- _What is being asked_: Every line of the records below from the line with "Definition pairing_coprod (K" up to and including the line with "Definition pp_iso (P" must be reproduced exactly, and no line outside that range.

- _Data extracted from a collection_:
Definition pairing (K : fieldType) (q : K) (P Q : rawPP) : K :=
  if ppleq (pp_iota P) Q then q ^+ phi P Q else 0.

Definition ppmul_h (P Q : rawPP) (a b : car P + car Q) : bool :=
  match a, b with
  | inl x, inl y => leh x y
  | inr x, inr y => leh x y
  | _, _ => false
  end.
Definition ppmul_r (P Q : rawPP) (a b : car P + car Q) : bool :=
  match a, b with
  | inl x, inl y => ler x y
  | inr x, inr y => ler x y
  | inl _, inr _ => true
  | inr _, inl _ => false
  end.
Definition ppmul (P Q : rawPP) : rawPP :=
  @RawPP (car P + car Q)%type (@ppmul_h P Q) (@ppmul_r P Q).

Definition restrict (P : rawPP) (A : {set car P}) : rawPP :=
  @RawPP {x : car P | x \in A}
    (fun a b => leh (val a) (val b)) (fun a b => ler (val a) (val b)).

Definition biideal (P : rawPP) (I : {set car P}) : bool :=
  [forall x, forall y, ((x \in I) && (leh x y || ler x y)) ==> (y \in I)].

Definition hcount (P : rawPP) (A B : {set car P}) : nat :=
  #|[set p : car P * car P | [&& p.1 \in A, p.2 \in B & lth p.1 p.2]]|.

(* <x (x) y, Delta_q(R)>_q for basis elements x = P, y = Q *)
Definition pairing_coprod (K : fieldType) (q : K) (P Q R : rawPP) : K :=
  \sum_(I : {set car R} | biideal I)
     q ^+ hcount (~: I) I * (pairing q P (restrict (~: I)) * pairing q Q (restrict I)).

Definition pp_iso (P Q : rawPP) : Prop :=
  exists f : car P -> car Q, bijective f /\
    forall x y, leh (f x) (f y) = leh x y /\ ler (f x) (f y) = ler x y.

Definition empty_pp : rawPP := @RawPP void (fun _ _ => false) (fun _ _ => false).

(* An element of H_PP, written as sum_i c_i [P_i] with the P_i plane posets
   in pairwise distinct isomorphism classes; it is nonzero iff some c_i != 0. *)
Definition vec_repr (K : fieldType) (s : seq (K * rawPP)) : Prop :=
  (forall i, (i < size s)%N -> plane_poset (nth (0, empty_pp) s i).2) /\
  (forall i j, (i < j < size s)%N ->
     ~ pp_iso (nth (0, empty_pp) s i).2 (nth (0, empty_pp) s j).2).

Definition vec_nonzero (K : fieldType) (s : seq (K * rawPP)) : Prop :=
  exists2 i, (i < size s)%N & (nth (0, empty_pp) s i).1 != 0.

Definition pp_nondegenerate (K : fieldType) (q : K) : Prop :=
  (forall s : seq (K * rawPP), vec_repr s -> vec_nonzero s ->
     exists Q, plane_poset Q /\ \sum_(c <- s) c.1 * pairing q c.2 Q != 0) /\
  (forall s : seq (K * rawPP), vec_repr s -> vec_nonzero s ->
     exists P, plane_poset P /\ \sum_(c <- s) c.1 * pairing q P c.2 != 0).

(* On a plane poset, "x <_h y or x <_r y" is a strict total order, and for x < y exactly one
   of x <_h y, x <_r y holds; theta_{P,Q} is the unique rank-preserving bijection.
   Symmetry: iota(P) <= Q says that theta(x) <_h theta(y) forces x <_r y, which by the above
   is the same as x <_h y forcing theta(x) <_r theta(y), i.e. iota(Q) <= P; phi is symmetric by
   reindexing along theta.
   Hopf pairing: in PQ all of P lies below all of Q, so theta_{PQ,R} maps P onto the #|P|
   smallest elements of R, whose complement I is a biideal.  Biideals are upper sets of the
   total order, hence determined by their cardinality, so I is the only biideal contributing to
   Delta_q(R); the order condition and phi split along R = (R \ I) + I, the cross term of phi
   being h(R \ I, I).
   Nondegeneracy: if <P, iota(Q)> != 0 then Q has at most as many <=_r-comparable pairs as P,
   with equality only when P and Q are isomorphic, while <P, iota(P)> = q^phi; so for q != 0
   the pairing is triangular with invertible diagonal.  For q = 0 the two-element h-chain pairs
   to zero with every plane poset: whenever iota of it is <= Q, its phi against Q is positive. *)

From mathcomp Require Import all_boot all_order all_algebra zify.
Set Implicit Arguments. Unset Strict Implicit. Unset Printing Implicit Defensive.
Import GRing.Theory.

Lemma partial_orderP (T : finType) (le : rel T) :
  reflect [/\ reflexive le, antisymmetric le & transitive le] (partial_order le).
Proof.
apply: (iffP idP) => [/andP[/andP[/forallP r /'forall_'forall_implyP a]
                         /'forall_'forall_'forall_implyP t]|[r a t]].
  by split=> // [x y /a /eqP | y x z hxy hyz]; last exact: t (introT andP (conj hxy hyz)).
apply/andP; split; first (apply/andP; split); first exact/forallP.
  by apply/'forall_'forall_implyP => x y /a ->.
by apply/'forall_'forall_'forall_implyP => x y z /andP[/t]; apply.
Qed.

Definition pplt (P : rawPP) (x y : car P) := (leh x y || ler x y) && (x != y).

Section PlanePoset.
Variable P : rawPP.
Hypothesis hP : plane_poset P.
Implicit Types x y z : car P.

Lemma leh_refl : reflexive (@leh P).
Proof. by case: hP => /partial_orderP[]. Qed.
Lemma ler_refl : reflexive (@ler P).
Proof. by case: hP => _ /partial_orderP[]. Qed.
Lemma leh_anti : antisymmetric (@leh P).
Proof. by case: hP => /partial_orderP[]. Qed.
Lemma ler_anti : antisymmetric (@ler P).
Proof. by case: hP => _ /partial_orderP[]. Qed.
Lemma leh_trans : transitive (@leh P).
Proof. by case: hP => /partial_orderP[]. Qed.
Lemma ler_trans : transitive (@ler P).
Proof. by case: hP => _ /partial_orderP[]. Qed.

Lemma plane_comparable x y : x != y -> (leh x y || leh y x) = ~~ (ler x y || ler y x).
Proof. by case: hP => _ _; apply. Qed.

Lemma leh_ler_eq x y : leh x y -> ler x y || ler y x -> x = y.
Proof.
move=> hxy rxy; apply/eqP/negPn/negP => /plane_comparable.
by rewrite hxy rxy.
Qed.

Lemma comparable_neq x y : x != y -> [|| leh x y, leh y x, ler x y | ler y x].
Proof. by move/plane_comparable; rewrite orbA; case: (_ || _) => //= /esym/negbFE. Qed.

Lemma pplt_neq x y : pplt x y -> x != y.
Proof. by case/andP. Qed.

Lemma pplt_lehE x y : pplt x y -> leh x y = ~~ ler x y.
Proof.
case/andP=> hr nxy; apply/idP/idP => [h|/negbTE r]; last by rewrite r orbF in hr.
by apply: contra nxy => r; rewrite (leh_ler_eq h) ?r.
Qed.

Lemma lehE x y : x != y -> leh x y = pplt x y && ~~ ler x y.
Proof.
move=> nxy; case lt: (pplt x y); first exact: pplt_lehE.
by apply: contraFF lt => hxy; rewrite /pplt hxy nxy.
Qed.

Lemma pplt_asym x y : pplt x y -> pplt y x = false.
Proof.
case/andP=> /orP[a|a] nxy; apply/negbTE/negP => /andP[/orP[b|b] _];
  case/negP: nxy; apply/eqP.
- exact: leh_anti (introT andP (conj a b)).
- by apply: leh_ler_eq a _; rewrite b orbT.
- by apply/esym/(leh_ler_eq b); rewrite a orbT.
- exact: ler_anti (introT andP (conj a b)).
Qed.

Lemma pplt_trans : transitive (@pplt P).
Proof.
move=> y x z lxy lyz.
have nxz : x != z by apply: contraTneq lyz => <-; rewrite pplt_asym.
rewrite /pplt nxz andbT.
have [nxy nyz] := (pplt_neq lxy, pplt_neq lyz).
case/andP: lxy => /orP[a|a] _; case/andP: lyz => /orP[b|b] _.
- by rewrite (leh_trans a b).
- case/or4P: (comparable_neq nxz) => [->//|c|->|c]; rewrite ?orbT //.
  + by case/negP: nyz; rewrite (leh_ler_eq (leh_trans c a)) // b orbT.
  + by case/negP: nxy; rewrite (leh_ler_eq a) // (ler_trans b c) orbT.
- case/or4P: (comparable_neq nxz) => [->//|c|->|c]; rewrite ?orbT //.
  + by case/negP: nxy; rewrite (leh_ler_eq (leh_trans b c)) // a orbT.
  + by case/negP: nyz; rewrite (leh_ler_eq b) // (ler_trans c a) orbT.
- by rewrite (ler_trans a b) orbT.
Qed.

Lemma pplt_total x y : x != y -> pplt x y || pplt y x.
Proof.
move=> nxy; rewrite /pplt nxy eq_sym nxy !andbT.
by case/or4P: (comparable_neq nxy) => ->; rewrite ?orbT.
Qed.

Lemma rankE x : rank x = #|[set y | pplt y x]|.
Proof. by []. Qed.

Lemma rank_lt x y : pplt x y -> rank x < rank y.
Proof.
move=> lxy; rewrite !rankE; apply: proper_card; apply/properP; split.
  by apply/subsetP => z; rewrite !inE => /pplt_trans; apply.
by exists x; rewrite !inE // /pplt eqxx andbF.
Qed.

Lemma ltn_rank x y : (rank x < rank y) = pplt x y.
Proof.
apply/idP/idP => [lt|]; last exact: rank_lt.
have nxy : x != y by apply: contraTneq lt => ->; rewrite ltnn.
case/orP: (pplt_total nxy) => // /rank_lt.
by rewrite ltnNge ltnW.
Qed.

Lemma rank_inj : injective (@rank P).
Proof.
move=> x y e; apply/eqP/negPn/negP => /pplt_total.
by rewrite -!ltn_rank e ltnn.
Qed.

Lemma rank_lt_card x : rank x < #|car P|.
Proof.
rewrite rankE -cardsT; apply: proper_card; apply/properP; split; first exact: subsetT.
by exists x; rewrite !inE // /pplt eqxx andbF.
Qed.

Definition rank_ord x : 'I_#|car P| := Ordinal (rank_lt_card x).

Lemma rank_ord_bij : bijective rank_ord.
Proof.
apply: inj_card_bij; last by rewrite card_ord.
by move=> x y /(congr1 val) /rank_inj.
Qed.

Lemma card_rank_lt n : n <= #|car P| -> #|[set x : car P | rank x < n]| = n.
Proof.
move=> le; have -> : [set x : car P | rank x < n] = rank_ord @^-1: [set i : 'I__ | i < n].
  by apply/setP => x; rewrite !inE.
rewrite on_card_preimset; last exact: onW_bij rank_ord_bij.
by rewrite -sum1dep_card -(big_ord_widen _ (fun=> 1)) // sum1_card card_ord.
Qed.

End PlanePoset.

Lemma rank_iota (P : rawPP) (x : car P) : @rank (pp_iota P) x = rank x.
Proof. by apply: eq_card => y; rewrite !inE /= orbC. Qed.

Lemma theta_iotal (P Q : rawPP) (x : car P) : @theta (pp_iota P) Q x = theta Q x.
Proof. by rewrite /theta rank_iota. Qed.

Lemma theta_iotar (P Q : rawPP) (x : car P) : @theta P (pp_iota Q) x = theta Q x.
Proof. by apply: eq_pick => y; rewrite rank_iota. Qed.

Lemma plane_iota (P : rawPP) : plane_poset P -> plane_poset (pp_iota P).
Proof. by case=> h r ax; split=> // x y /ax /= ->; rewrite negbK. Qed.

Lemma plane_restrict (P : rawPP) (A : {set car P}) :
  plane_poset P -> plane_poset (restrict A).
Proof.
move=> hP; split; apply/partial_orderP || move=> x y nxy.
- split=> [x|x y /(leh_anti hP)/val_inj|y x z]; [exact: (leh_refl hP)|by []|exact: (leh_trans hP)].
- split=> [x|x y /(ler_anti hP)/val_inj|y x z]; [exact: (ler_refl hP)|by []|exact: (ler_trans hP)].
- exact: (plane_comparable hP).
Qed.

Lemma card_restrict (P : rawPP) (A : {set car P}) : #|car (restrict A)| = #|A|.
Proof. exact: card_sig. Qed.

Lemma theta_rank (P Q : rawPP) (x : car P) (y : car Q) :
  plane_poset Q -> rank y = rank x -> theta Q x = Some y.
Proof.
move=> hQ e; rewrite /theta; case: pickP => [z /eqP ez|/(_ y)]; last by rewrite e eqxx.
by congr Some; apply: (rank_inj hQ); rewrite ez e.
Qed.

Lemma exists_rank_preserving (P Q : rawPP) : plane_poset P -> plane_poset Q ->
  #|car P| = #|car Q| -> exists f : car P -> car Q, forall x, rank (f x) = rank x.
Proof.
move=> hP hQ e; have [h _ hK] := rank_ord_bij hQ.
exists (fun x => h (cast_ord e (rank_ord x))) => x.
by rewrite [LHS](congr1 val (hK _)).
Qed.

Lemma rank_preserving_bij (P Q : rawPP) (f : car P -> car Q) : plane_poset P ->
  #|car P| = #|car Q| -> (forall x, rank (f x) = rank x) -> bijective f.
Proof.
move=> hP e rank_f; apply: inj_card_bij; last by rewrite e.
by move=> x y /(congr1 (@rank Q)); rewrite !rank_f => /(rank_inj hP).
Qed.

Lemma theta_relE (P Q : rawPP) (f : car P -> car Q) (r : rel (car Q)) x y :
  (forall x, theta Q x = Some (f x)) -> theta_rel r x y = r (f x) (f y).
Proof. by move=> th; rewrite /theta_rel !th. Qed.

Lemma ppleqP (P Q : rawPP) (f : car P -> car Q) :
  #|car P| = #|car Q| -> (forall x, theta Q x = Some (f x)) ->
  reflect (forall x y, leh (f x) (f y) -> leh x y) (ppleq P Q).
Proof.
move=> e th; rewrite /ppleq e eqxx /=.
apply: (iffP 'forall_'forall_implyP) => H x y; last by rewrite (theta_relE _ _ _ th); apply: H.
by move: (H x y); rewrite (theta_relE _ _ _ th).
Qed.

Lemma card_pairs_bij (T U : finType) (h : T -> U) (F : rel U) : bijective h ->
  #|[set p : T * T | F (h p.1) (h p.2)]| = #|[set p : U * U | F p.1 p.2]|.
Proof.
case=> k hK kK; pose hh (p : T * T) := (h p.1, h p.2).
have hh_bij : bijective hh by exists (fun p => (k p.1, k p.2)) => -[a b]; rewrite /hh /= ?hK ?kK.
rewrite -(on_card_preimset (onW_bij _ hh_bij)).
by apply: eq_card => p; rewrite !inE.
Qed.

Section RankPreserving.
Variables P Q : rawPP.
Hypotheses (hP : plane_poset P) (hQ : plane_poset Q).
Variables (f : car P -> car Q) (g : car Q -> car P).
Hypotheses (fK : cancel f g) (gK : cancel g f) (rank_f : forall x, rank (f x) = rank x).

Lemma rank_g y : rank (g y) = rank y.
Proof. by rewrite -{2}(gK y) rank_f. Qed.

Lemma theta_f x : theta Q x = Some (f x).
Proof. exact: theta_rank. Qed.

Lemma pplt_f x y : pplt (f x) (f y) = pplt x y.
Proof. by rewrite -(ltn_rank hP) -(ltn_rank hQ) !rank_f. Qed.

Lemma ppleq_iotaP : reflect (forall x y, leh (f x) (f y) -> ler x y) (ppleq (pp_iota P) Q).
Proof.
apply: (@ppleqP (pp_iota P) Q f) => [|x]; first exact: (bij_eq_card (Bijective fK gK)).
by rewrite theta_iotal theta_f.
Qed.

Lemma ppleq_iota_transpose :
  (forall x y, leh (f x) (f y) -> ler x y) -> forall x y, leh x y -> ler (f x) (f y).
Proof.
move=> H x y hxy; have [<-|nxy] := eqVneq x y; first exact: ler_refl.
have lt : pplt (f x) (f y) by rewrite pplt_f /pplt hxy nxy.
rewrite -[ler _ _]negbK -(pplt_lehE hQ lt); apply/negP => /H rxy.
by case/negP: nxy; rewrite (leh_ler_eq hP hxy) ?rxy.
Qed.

- _Exercise response_:
Definition pairing_coprod (K : fieldType) (q : K) (P Q R : rawPP) : K :=
  \sum_(I : {set car R} | biideal I)
     q ^+ hcount (~: I) I * (pairing q P (restrict (~: I)) * pairing q Q (restrict I)).

Definition pp_iso (P Q : rawPP) : Prop :=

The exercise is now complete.